The Indian Ocean nation of Seychelles has raised $15 millionfrom the world’s first “blue bond” to finance ocean-based projects.
Seychelles, which is dependent upon the ocean for its economy and food, will use the funds protect 81,000 square miles with limits on fishing, oil exploration and large-scale development in fragile habitats.
Seychelles has striking underwater reefs, but oil and gas companies have begun exploring its waters.
The country, which defaulted on its debt in 2008, had searched for a way to balance marine protection and financial stability.
Last February, the Nature Conservancy bought nearly $22 million of Seychelle’s $406 million debt in exchange for officially protecting one-third of the country’s marine area.
The current 10-year blue bond was supported by the World Bank, which offered a $5 million guarantee.

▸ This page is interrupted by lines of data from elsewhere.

Lemma lincomb_bound (L : list (R * Zd d)) u B : (forall z, Rabs (u z) <= B) ->
  Rabs (lincomb L u) <= sumR (fun p => Rabs (fst p)) L * B.
Proof.
move=> uB; rewrite /lincomb; elim: L => [|p L IH].
  by rewrite !sumR_nil Rabs_R0; have := uB (@origin d); have := Rabs_pos (u (@origin d)); lra.
rewrite !sumR_cons; apply: Rle_trans (Rabs_triang _ _) _; rewrite Rabs_mult.
have := Rmult_le_compat_l (Rabs (fst p)) _ _ (Rabs_pos _) (uB (snd p)); lra.
Qed.

End Stencils.

Section Operator.

Variables (d : nat) (T : R) (a : coeff d).

Lemma divstar_add (F H : bond d -> R) x :
  divstar (fun b => F b + H b) x = divstar F x + divstar H x.
Proof. by rewrite /divstar !sum_dirsE -sumR_add; apply: sumR_ext => i; ring. Qed.

Lemma divstar_upd b t (F : bond d -> R) x :
  divstar (fun b' => upd a b t b' * F b') x
  = divstar (fun b' => a b' * F b') x + (t - a b) * F b * dipole b x.
Proof.
case: b => p j; set C := (t - a (p, j)) * F (p, j).
pose jump i := (if Zd_eqb (subZd x (unitv i)) p then C else 0) - (if Zd_eqb x p then C else 0).
have termE i :
  upd a (p, j) t (subZd x (unitv i), i) * F (subZd x (unitv i), i)
    - upd a (p, j) t (x, i) * F (x, i)
  = (a (subZd x (unitv i), i) * F (subZd x (unitv i), i) - a (x, i) * F (x, i))
    + (if i == j then jump i else 0).
{ rewrite /jump /upd /bond_eqb /=; case: eqP => [-> | _]; last by rewrite !andbF; ring.
  rewrite !andbT /C.
  by case: Zd_eqP => [-> | _]; case: Zd_eqP => [-> | _]; ring. }
rewrite /divstar !sum_dirsE (sumR_ext _ _ _ termE) sumR_add.
rewrite sumR_kronecker ?enum_uniq ?mem_enum // /jump /dipole /delta /yb /xb /=.
have -> : Zd_eqb (subZd x (unitv j)) p = Zd_eqb x (addZd p (unitv j)).
{ by apply/Zd_eqP/Zd_eqP => /subZd_eq. }
by case: Zd_eqb; case: Zd_eqb; rewrite -/C; ring.
Qed.

Lemma Lop_upd b t u x : Lop T (upd a b t) u x = Lop T a u x + (t - a b) * grad u b * dipole b x.
Proof. rewrite /Lop divstar_upd; ring. Qed.

Lemma Lop_stencil u x : Lop T a u x = lincomb (stencil T a x) u.
Proof.
rewrite /Lop /lincomb /stencil sumR_cons /divstar sum_dirsE sumR_flat_map; congr (_ + _).
by apply: sumR_ext => i; rewrite !sumR_cons sumR_nil /grad /yb /xb /=; ring.
Qed.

The bank said in a statement: “The general population will benefit from a healthier marine environment and increased food security.”
The bond allocates a large portion for low-interest loans and grants to fishermen and research on sustainable fisheries projects.
World Bank Vice President of Sustainable Development Laura Tuck said that the agency is “excited to be involved in the launch of this sovereign blue bond, and believes it can serve as a model for other small-island developing states and coastal countries.”
The blue bond issue comes just before the first Sustainable Blue Economy Conference to be held later this month in Nairobi.
Conference participants hope to look at ways to harness the potential of waterways that improve lives and encourage conservation efforts.